*** Opening Source material ***

Lemma agree_trans p q r : agree p q -> agree q r -> agree p r.
Proof. by move=> hpq hqr i hi; rewrite hpq ?hqr. Qed.

Lemma agreeD p1 q1 p2 q2 : agree p1 q1 -> agree p2 q2 -> agree (p1 + p2) (q1 + q2).
Proof. by move=> h1 h2 i hi; rewrite !coefD h1 ?h2. Qed.

Lemma agreeN p q : agree p q -> agree (- p) (- q).
Proof. by move=> hpq i hi; rewrite !coefN hpq. Qed.

(* the coefficient of degree i of a product only involves degrees <= i *)
Lemma agreeM p1 q1 p2 q2 : agree p1 q1 -> agree p2 q2 -> agree (p1 * p2) (q1 * q2).
Proof.
move=> h1 h2 i hi; rewrite !coefM; apply: eq_bigr => j _.
rewrite h1 ?h2 //; first exact: leq_trans (leq_subr _ _) hi.
exact: leq_trans (leq_ord j) hi.
Qed.

Lemma agreeMl c p q : agree p q -> agree (c * p) (c * q).
Proof. exact: agreeM. Qed.

Lemma agree_sum (I : Type) (r : seq I) (P : pred I) (F G : I -> {poly int}) :
  (forall i, P i -> agree (F i) (G i)) ->
  agree (\sum_(i <- r | P i) F i) (\sum_(i <- r | P i) G i).
Proof. by move=> h; apply: (big_ind2 agree) => // *; apply: agreeD. Qed.

Lemma agree_prod (I : Type) (r : seq I) (P : pred I) (F G : I -> {poly int}) :
  (forall i, P i -> agree (F i) (G i)) ->
  agree (\prod_(i <- r | P i) F i) (\prod_(i <- r | P i) G i).
Proof. by move=> h; apply: (big_ind2 agree) => // *; apply: agreeM. Qed.

Lemma agreeX_big m : (N < m)%N -> agree 'X^m 0.
Proof.
by move=> hm i hi; rewrite coefXn coef0; case: eqP => // ei; lia.
Qed.

Lemma agree_1subX_big m : (N < m)%N -> agree (1 - 'X^m) 1.
Proof. by move=> hm i hi; rewrite coefB agreeX_big // coef0 subr0. Qed.

Lemma nonneg_upto_agree p q : nonneg_upto q -> agree p q -> nonneg_upto p.
Proof. by move=> hq hpq i hi; rewrite hpq ?hq. Qed.

Lemma nonneg_uptoD p q : nonneg_upto p -> nonneg_upto q -> nonneg_upto (p + q).
Proof. by move=> hp hq i hi; rewrite coefD addr_ge0 ?hp ?hq. Qed.

Lemma nonneg_uptoM p q : nonneg_upto p -> nonneg_upto q -> nonneg_upto (p * q).
Proof.
move=> hp hq i hi; rewrite coefM; apply: sumr_ge0 => j _.
apply: mulr_ge0; first exact/hp/(leq_trans (leq_ord j) hi).
exact/hq/(leq_trans (leq_subr _ _) hi).
Qed.

Lemma nonneg_upto_sum (I : Type) (r : seq I) (P : pred I) (F : I -> {poly int}) :
  (forall i, P i -> nonneg_upto (F i)) -> nonneg_upto (\sum_(i <- r | P i) F i).
Proof.
move=> h; apply: (big_ind nonneg_upto) => //; last exact: nonneg_uptoD.
by move=> i _; rewrite coef0.
Qed.

Lemma nonneg_upto1 : nonneg_upto 1.
Proof. by move=> i _; rewrite coef1; case: (i == 0)%N. Qed.

Lemma nonneg_upto_prod (I : Type) (r : seq I) (P : pred I) (F : I -> {poly int}) :
  (forall i, P i -> nonneg_upto (F i)) -> nonneg_upto (\prod_(i <- r | P i) F i).
Proof.
move=> h; apply: (big_ind nonneg_upto) => //; [exact: nonneg_upto1|exact: nonneg_uptoM].
Qed.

*** Closing Source material ***

# Requirement
Print exactly the lines above, between the one holding "(* the coefficient" and the one holding "Lemma agreeMl c", inclusive, and nothing besides.

# Answer to this problem
(* the coefficient of degree i of a product only involves degrees <= i *)
Lemma agreeM p1 q1 p2 q2 : agree p1 q1 -> agree p2 q2 -> agree (p1 * p2) (q1 * q2).
Proof.
move=> h1 h2 i hi; rewrite !coefM; apply: eq_bigr => j _.
rewrite h1 ?h2 //; first exact: leq_trans (leq_subr _ _) hi.
exact: leq_trans (leq_ord j) hi.
Qed.

Lemma agreeMl c p q : agree p q -> agree (c * p) (c * q).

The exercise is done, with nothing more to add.